Thursday, March 23, 2006

Trust

Why is it so hard to trust God? He's taken such good care of me and yet every time I am in some sort of bad situation I immediately don't trust Him and try to take care of it on my own. But then maybe I don't trust Him during the good times either, it's just like what CS Lewis talks about in "A Grief Observed" when he says,
"You never know how much you really believe anything until its truth or falsehood becomes a matter of life and death to you. It is easy to say you believe a rope to be strong and sound as long as you are merely using it to cord a box. But suppose you had to hang by that rope over a precipice.
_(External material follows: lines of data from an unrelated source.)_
Theorem lemma2p11 (R : realType) (n q : nat) (N : nat -> 'rV[R]_n) (c : nat -> R)
  (eta : R -> R) (Xi : R) :
  (3 <= n)%N ->
  (* unit gradients *)
  (forall k, (k <= q)%N -> edot (N k) (N k) = 1) ->
  (* Omega compact with nonempty interior *)
  compact (Omega (uaff N c) q) ->
  (exists x, (Omega (uaff N c) q)° x) ->
  (* (a) *)
  (forall k, (k <= q)%N -> exists x, 0 < uaff N c k x /\
      (forall m, (m <= q)%N -> m <> k -> uaff N c m x <= 0)) ->
  (* (c) *)
  (forall j k, (j < k)%N -> (k <= q)%N ->
     (exists x, Omega (uaff N c) q x /\ uaff N c j x = 0 /\ uaff N c k x = 0) ->
     edot (N j) (N k) <= 0) ->
  (* eta smooth, even, |t| for |t| >= 1/2, eta'' >= 0 *)
  (forall m t, derivable (derive1n m eta) t 1) ->
  (forall t, eta (- t) = eta t) ->
  (forall t, 2^-1 <= `|t| -> eta t = `|t|) ->
  (forall t, 0 <= derive1n 2 eta t) ->
  (* property (P) *)
  0 < Xi ->
  (forall k x (a : nat -> R), (1 <= k <= q)%N -> Omega (uaff N c) q x ->
     - (2 / Xi) <= uaff N c k x <= 0 ->
     (forall i, (i < k)%N -> 0 <= a i) ->
     (forall i, (i < k)%N -> uaff N c i x <= - (2 / Xi) -> a i = 0) ->
     \sum_(i < k) a i <= Xi * wedge_norm (\sum_(i < k) a i *: N i) (N k)) ->
  forall gamma, 0 < gamma < 2^-1 ->
  exists lambar : R, forall lam0, 1 < lam0 -> lambar <= lam0 ->
  forall j k x, (j < k)%N -> (k <= q)%N -> Omega (uaff N c) q x ->
    - Xi^-1 <= uhat eta gamma lam0 (uaff N c) j x <= 0 ->
    - Xi^-1 <= uaff N c k x <= 0 ->
    Xi^-1 <= wedge_norm (grad (uhat eta gamma lam0 (uaff N c) j) x)
                        (grad (uaff N c k) x).
Proof.
(* Only the shape of eta and property (P) are used. *)
move=> _ _ _ _ _ _ eta_der _ eta_abs eta''_ge0 Xi_gt0 propP gamma /andP[g_gt0 g_lt].
exists (2 * q%:R * Xi) => lam0 lam0_gt1 lam0_ge j k x jk kq x_in.
move=> /andP[uhj_ge _] /andP[uk_ge uk_le].
have g_le1 : gamma <= 1 by lra.
have lam0_gt0 : 0 < lam0 by lra.
have lam0_big : 2 * j%:R * Xi < lam0.
  have : j%:R < q%:R :> R by rewrite ltr_nat (leq_trans jk kq).
  nra.
have k_itv : (1 <= k <= q)%N by rewrite kq andbT (leq_ltn_trans _ jk).
have uk_itv : - (2 / Xi) <= uaff N c k x <= 0 by apply/andP; split; lra.
apply: (grad_uhat_wedge_ge _ (eta_der 0%N) (eta_der 1%N) eta_abs eta''_ge0
  N c gamma lam0 x g_gt0 g_le1 lam0_gt0 Xi j k Xi_gt0 jk lam0_big uhj_ge).
by move=> a; apply: propP.
Qed.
Wouldn't you then first discover how much you really trusted it?"

I guess in the good times, I don't really have much to trust Him with, but when the tough stuff comes, I find that I really don't trust God as much as I should and would like.
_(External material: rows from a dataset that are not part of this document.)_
(* Let $\Lambda=\langle a_1\rangle\perp\cdots\perp\langle a_n\rangle=\mathcal{O}_Ds_1\perp\cdots\perp\mathcal{O}_Ds_n$ be a skew-hermitian lattice with $\nu(a_1)\le\cdots\le\nu(a_n)$, and assume $\mu(\Lambda)>\nu(4)$ and $N(a_2),\dots,N(a_n)\in N(a_1)k^{*2}$. Let $(s;\sigma)\in\mathcal{B}(\Lambda)$, i.e. $s=(1-r)s_m-s_0$ with $s_0=\lambda_{m+1}s_{m+1}+\cdots+\lambda_ns_n$ ($\lambda_l\in\mathcal{O}_D$), $\sigma=a_m(1-\bar r)$ and $|1-\bar r|\ge|2|$. If for some $t\in\{1,\dots,n-m\}$ we have $|\lambda_{m+t}|\ge|\lambda_{m+t+l}|$ for all $l\in\{1,\dots,n-m-t\}$, then there exists a lattice $\Lambda'=\langle b_1\rangle\perp\cdots\perp\langle b_{t+1}\rangle\subseteq\Lambda$ such that: (1) $(s;\sigma)\in\mathcal{U}^+_k(\Lambda')$; (2) $\mu(\Lambda')\ge\mu(\Lambda)$; (3) $N(b_i)\in N(a_1)k^{*2}$ for all $i=1,\dots,t+1$.
   Context: $k$ is a dyadic local field of characteristic $0$ (finite extension of $\mathbb{Q}_2$), $\nu_k$ its normalized valuation, $|\cdot|_k$ its absolute value. $D$ is the quaternion division algebra over $k$ with canonical involution $q\mapsto\bar q$ and reduced norm $N$; $|q|:=|N(q)|_k$, $\nu(q):=\nu_k(N(q))$; $\mathcal{O}_D=\{q:|q|\le1\}$. A skew-hermitian space is a free $D$-module $V$ of finite rank with nondegenerate $h:V\times V\to D$, $D$-linear in the first variable, $h(x,y)=-\overline{h(y,x)}$. For pure quaternions $a_i$, $\langle a_1\rangle\perp\cdots\perp\langle a_n\rangle=\mathcal{O}_Ds_1\perp\cdots\perp\mathcal{O}_Ds_n$ means an orthogonal sum with $h(s_i,s_i)=a_i$; for such a lattice with $\nu(a_1)\le\cdots\le\nu(a_n)$, $\mu(\Lambda)=\min_i(\nu(a_{i+1})-\nu(a_i))$. For $s\in V$, $\sigma\in D^*$ with $\sigma-\bar\sigma=h(s,s)$, the simple rotation is $(s;\sigma)(x)=x-h(x,s)\sigma^{-1}s$; it is an isometry. $\mathcal{U}^+_k(\Lambda)$ is the group of isometries of $h$ with $\phi(\Lambda)=\Lambda$. $\mathcal{B}(\Lambda)$ is the set of simple rotations $(s;\sigma)\in\mathcal{U}^+_k(\Lambda)$ for which there exist $m\in\{1,\dots,n\}$, $r\in\mathcal{O}_D$ with $|1-r|\ge|2|$ and $\lambda_{m+1},\dots,\lambda_n\in\mathcal{O}_D$ with $s=(1-r)s_m-\sum_{l>m}\lambda_ls_l$ and $\sigma=a_m(1-\bar r)$. *)

From mathcomp Require Import all_boot all_order all_algebra.
Set Implicit Arguments. Unset Strict Implicit. Unset Printing Implicit Defensive.
Import Order.TTheory GRing.Theory Num.Theory.
Local Open Scope ring_scope.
I read Acts 4: 23-31 today and the verses 29 and 31 caught my attention. They ask for the Holy Spirit to come upon them so that they can speak the word of God boldly. It's interesting because people don't really talk about the Holy Spirit much. We really don't seem to know much about Him. I wonder what would happen if people began asking for the Holy Spirit to come upon them so that they could preach the word of God boldly (and meant it). I wonder how dramatically that would change the Church and our ministry. I wonder if everyone would go out and preach. Probably not since we need different parts of the Body and they have different functions (surprise, surprise). I wonder what my role is in the Body. I can't seem to figure out what my gifts are. I mean, I enjoy serving others. I just don't know what ways I would be best at. I guess God will reveal that to me in due time as I keep searching.
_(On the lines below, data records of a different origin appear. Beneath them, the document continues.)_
Theorem proposition4 :
  exists (h : R2 -> R) (grad : R2 -> R2) (rho : R),
    semialgebraic_fun h /\
    convex_fun h /\
    (forall x, has_gradient h x (grad x)) /\
    continuous2 grad /\
    (forall x y, norm (vsub (grad x) (grad y)) <= norm (vsub x y)) /\
    0 < rho < 1 /\
    (forall x, norm (vsub x (grad x)) <= rho * norm x) /\
    (forall r, r > 0 -> ~ strongly_convex_on h (in_ball origin r)) /\
    (exists M, clarke_jacobian grad origin M /\ singular M).
Proof.
  pose proof prox_penalty_subgradient as Hsub.
  pose proof h_penalty_potential as Hpot.
  pose proof (prox_nonexpansive _ _ Hsub) as Hlip.
  exists h_penalty, prox_penalty, (2 / 3).
  split; [exact h_penalty_semialgebraic |].
  split; [exact (convex_of_supporting_plane _ _ (potential_supporting_plane _ _ _ Hsub Hpot)) |].
  split.
  { intros x. apply has_gradient_of_quadratic_sandwich.
    - exact (potential_supporting_plane _ _ _ Hsub Hpot x).
    - exact (potential_quadratic_upper_bound _ _ _ Hsub Hpot x). }
  split; [exact (continuous2_of_nonexpansive _ Hlip) |].
  split; [exact Hlip |].
  split; [lra |].
  split; [exact prox_penalty_contraction |].
  split; [exact h_penalty_not_strongly_convex |].
  exists jac_cone. split.
  - exact (limiting_jacobian_in_clarke _ _ _ limiting_jacobian_prox_penalty_origin).
  - unfold singular, det, jac_cone; simpl; ring.
Qed.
My grandma is alright. Stable, in that slowly spiraling down way. I guess I should re-read "A Grief Observed" soon. For some reason, I just can't deal with the fact that my grandma's dying. I attempt to avoid thinking about it at all times. But it still hurts. I guess it's just a dull hurt that I push away and try to ignore, thinking it will go away over time. Maybe God will have to drag it out of me like he did my bitterness towards Papa.
What is forgiveness? What does it look like in practice? I have my own idea, but I want to know what ya'll think.